Intervention de Alain Bruneel

Séance en hémicycle du mardi 20 octobre 2020 à 21h00
Projet de loi de financement de la sécurité sociale pour 2021 — Discussion générale

Photo issue du site de l'Assemblée nationale ou de WikipediaAlain Bruneel :

Devant l'urgence sanitaire, disais-je, nous devons dès aujourd'hui engager un grand plan d'emploi et de formation pour les métiers de la santé, permettant de financer le recrutement de 100 000 personnels à l'hôpital et de 200 000 personnels dans le secteur médico-social. C'est pourquoi nous avons proposé d'adopter une loi de programmation pour l'hôpital public et les EHPAD, qui nous permettrait de planifier les besoins pour les prochaines années.

Par ailleurs, l'organisation des dépenses liées au covid-19 et aux revalorisations salariales n'empêche pas un plan d'économie de 4 milliards d'euros sur les dépenses d'assurance maladie, dont 800 millions d'euros sur les dépenses de fonctionnement de l'hôpital public, afin d'entrer dans les clous de l'ONDAM. Ce que vous donnez d'un côté, vous le reprenez de l'autre.

Dans le même registre, la reprise de 13 milliards d'euros de dette hospitalière pour favoriser les investissements est subordonnée à des engagements d'économie sur les dépenses courantes des hôpitaux, contrôlées par les agences régionales de santé.
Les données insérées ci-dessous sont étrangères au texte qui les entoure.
(* Let $G$ be the directed graph on nodes $v_1,\dots,v_n$ with edges $(v_i,v_{i+1})$ for $1\le i\le n-1$ and $(v_i,v_j)$ for all $1\le j<i\le n$. Let $q=1/\sqrt n$. There is an absolute constant $c>0$ such that the convergence time of the \textsc{Random Pick} process on $G$ started from a $q$-random state is at least $c/(q\ln n)^2=c\,n/(\ln n)^2$ with probability $1-o(1)$ as $n\to\infty$.
   Context: In a $q$-random state each node is independently colored (red or blue, arbitrarily) with probability $q$ and uncolored otherwise. \textsc{Random Pick} process: in each round every node with at least one out-neighbor picks an out-neighbor uniformly at random, independently; an uncolored node adopts the color of its pick if the pick is colored, and all other nodes keep their color. A state is stable if no uncolored node has a colored out-neighbor; the convergence time is the first round $t\ge0$ at which the state is stable. *)

From HB Require Import structures.
From mathcomp Require Import all_boot all_order all_algebra.
From mathcomp Require Import mathcomp_extra boolp classical_sets reals exp.
Set Implicit Arguments. Unset Strict Implicit. Unset Printing Implicit Defensive.
Import Order.TTheory GRing.Theory Num.Theory.
Local Open Scope ring_scope.

(* Nodes v_1..v_n are represented by 'I_n, node i : 'I_n standing for v_{i+1}. *)
Definition edgeG (n : nat) : rel 'I_n :=
  fun i j => ((j : nat) == (i : nat).+1) || (j < i)%N.

(* A state: None = uncolored, Some b = colored (b = red/blue). *)
Definition cstate (n : nat) := 'I_n -> option bool.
Derrière une bonne mesure, vous recyclez la logique de pilotage comptable des soins, qui est l'une des causes du malaise hospitalier.
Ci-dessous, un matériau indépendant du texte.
(* If $R$ is a weakly generalized p.q.-Baer $*$-ring, then the involution of $R$ is quasi-proper, i.e. for $x\in R$, $xRx^*=0$ implies $x^n=0$ for some $n\in\mathbb N$.
   Context: A $*$-ring is a ring with an involution; a projection is $e$ with $e=e^*=e^2$. A $*$-ring $R$ is a weakly generalized p.q.-Baer $*$-ring if for every $x\in R$ there exist a central projection $e$ and $n\in\mathbb N$ such that $x^ne=x^n$ and, for all $y\in R$, $(xR)^ny=\{0\}$ if and only if $ey=0$. ($R$ need not have a unity.) *)

From HB Require Import structures.
From mathcomp Require Import all_boot all_algebra.
Set Implicit Arguments. Unset Strict Implicit. Unset Printing Implicit Defensive.
Import GRing.Theory.
Local Open Scope ring_scope.

Record is_star_rng (T : zmodType) (mul : T -> T -> T) (star : T -> T) : Prop := {
  srng_mulA : forall x y z, mul x (mul y z) = mul (mul x y) z;
  srng_mulDl : forall x y z, mul (x + y) z = mul x z + mul y z;
  srng_mulDr : forall x y z, mul x (y + z) = mul x y + mul x z;
  srng_starD : forall x y, star (x + y) = star x + star y;
  srng_starM : forall x y, star (mul x y) = mul (star y) (star x);
  srng_starK : forall x, star (star x) = x
}.

(* positive power x^n (meaningful for n >= 1; x^1 = x) *)
Definition rpow (T : Type) (mul : T -> T -> T) (x : T) (n : nat) : T :=
  iter n.-1 (mul x) x.

Definition central_projection (T : zmodType) (mul : T -> T -> T) (star : T -> T)
  (e : T) : Prop :=
  e = star e /\ mul e e = e /\ forall z, mul e z = mul z e.

(* (xR)^n y = {0}: every product (x r_1)(x r_2)...(x r_n) y vanishes *)
Definition xRpow_ann (T : zmodType) (mul : T -> T -> T) (x : T) (n : nat) (y : T)
  : Prop :=
  forall s : seq T, size s = n ->
    foldr (fun r acc => mul (mul x r) acc) y s = 0.

Definition weakly_gen_pq_Baer (T : zmodType) (mul : T -> T -> T) (star : T -> T)
  : Prop :=
  forall x : T, exists (e : T) (n : nat),
    [/\ (0 < n)%N, central_projection mul star e,
        mul (rpow mul x n) e = rpow mul x n &
        forall y : T, xRpow_ann mul x n y <-> mul e y = 0].

Definition quasi_proper (T : zmodType) (mul : T -> T -> T) (star : T -> T) : Prop :=
  forall x : T, (forall r : T, mul (mul x r) (star x) = 0) ->
    exists n : nat, (0 < n)%N /\ rpow mul x n = 0.

From mathcomp Require Import all_boot all_algebra.
Set Implicit Arguments.
Unset Strict Implicit.
Import GRing.Theory.
Local Open Scope ring_scope.

(* If x R x^* = 0 then every product (x r_1)...(x r_n) x^* ends in x r_n x^* = 0,
   so x^* is annihilated by (xR)^n and hence by the projection e.
   Applying the involution gives x e = 0 (only e = e^* is needed, not the
   centrality of e), and therefore x^n = x^n e = 0. *)

Section StarRng.

Variables (T : zmodType) (mul : T -> T -> T) (star : T -> T).
Hypothesis HR : is_star_rng mul star.

Lemma srng_mulr0 (a : T) : mul a 0 = 0.
Proof.
apply: (@addrI _ (mul a 0)).
by rewrite addr0 -(srng_mulDr HR) addr0.
Qed.

Lemma srng_star0 : star 0 = 0.
Proof.
apply: (@addrI _ (star 0)).
by rewrite addr0 -(srng_starD HR) addr0.
Qed.

Lemma xRpow_ann_of_right_ann (x y : T) (n : nat) :
  (forall r, mul (mul x r) y = 0) -> (0 < n)%N -> xRpow_ann mul x n y.
Proof.
move=> xRy n_gt0 s; elim: s n n_gt0 => [|r s IHs] [|n] // _ [size_s].
case: s IHs size_s => [|r' s] IHs size_s; first by rewrite /= xRy.
by rewrite /= in IHs *; rewrite (IHs n) ?srng_mulr0 // -size_s.
Qed.

Lemma selfadjoint_right_ann_star (e y : T) :
  e = star e -> mul e y = 0 -> mul (star y) e = 0.
Proof.
move=> e_sa ey0.
rewrite -(srng_starK HR (mul (star y) e)) (srng_starM HR) (srng_starK HR).
by rewrite -e_sa ey0 srng_star0.
Qed.

Lemma rpow_right_ann (x e : T) (n : nat) :
  mul x e = 0 -> (0 < n)%N -> mul (rpow mul x n) e = 0.
Proof.
move=> xe0; case: n => // n _; elim: n => [|n IHn] //=.
by rewrite -(srng_mulA HR) IHn srng_mulr0.
Qed.

End StarRng.

Theorem mainTheorem8 (T : zmodType) (mul : T -> T -> T) (star : T -> T)
  (HR : is_star_rng mul star) (HB : weakly_gen_pq_Baer mul star) :
  quasi_proper mul star.
Proof.
move=> x xRxstar.
have [e [n [n_gt0 [e_sa _] xne annP]]] := HB x.
have ex_star : mul e (star x) = 0.
  by apply/annP; exact (xRpow_ann_of_right_ann HR xRxstar n_gt0).
have xe0 : mul x e = 0.
  by have := selfadjoint_right_ann_star HR e_sa ex_star; rewrite (srng_starK HR).
by exists n; split; rewrite // -xne (rpow_right_ann HR).
Qed.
Nous sommes absolument opposés à la création d'un forfait de passage aux urgences de 18 euros, à la charge des patients qui ne se font pas hospitaliser. Ce n'est pas à eux de payer l'engorgement des urgences hospitalières ; ce n'est pas à eux de payer de payer l'insuffisance du nombre de médecins de villes disponible.

Enfin, s'agissant de la création de la branche autonomie, nos craintes se confirment : les financements ne sont pas au rendez-vous pour faire face à l'enjeu de la perte d'autonomie ; l'ambition doit être renforcée pour améliorer les prestations sociales pour les personnes dépendantes ou handicapées, et permettre de réduire le reste à charge qui pèse sur les familles en matière d'hébergement.
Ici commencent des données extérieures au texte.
Lemma integral_sigmoid_betabar_moment2 (c : R) :
  (\int[G]_x (sigmoid (dot2 x (scalev2 c betabar)) * x.2)%:E = 0)%E.
Proof.
apply: (integral_odd_invariant measurable_negsnd gauss2_negsnd).
  apply: integrable_gauss2_le_snd.
    apply: measurable_funM; last exact: measurable_snd.
    exact: measurableT_comp measurable_sigmoid (measurable_dot2 _).
  move=> x; rewrite normrM -[leRHS]mul1r ler_wpM2r //.
  by rewrite ger0_norm ?sigmoid_ge0 ?sigmoid_le1.
move=> [a b]; rewrite /negsnd /dot2 /scalev2 /betabar /=.
by rewrite !mulr0 !addr0 mulrN.
Qed.

End rlhf_moment.

Theorem mainTheorem9 (R : realType) (bhat : R * R) :
  (\int[gauss2 R]_x (sigmoid (dot2 x bhat) * x.1)%:E
     = \int[gauss2 R]_x (Ebeta_sigmoid x * x.1)%:E)%E ->
  (\int[gauss2 R]_x (sigmoid (dot2 x bhat) * x.2)%:E
     = \int[gauss2 R]_x (Ebeta_sigmoid x * x.2)%:E)%E ->
  ~ (exists c : R, bhat = scalev2 c betabar).
Proof.
(* the second coordinate of the moment equation already fails *)
move=> _ moment2 [c bhatE].
have := integral_Ebeta_moment2_gt0 R.
by rewrite /Ebeta_moment2 -moment2 bhatE integral_sigmoid_betabar_moment2 ltxx.
Qed.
Nous devons aussi aller beaucoup plus loin pour revaloriser les conditions de travail des métiers du secteur médico-social et de l'aide à domicile. Malgré les occasions manquées, nous notons quelques mesures positives, comme l'allongement du congé paternité ou la réduction de la place de la tarification à l'activité dans le financement des hôpitaux. Les prestations sociales sont aussi préservées dans le projet de budget pour 2021, après trois années de désindexation.

Désormais, avec la crise sanitaire, se pose la question du financement de la protection sociale pour faire face aux défis à venir : qui paiera la facture ?

Le déficit de la sécurité sociale atteindra 44 milliards d'euros en 2020 puis 27 milliards en 2021. Cette dégradation des comptes s'explique autant par l'augmentation des dépenses de santé que par une chute des recettes liée à la baisse de l'emploi et au recours à l'activité partielle.

Il est urgent de trouver de nouvelles ressources pour financer les besoins sanitaires et sociaux qui croîtront, à la faveur de la crise sanitaire et du choc économique. En commission des affaires sociales, nous avons mis des propositions sur la table, par exemple la révision des exonérations de cotisations sociales injustifiées. Nous devrions au moins exiger que les 68 milliards d'euros de l'enveloppe des aides publiques aux entreprises soient subordonnés à des critères d'emplois et de relocalisations ainsi qu'à des engagements écologiques. Mais toutes nos propositions ont été refusées, au motif qu'il ne faudrait pas augmenter les impôts.

Pourtant, dans le même temps, vous vous privez de ressources pérennes en affectant 18 milliards d'euros de CSG et de CRDS – contribution au remboursement de la dette sociale – au remboursement d'une dette sociale qui résulte des choix du Gouvernement pour gérer la crise sanitaire et économique. Avec ce transfert de dette à la CADES, on se prive chaque année de l'équivalent d'un Ségur de la santé. Plutôt que de faire supporter par l'État la dette liée au covid-19, vous préférez jouer la montre, en laissant le déficit de la sécurité sociale se creuser sans proposer de ressource pérenne. Il y a fort à parier que vous reviendrez bientôt devant nous pour exiger de nouvelles mesures d'économie sur la protection sociale et les assurés.

Dans ces circonstances, le groupe GDR craint que le budget de la sécurité sociale pour 2021 ne soit qu'une parenthèse avant le retour à l'austérité.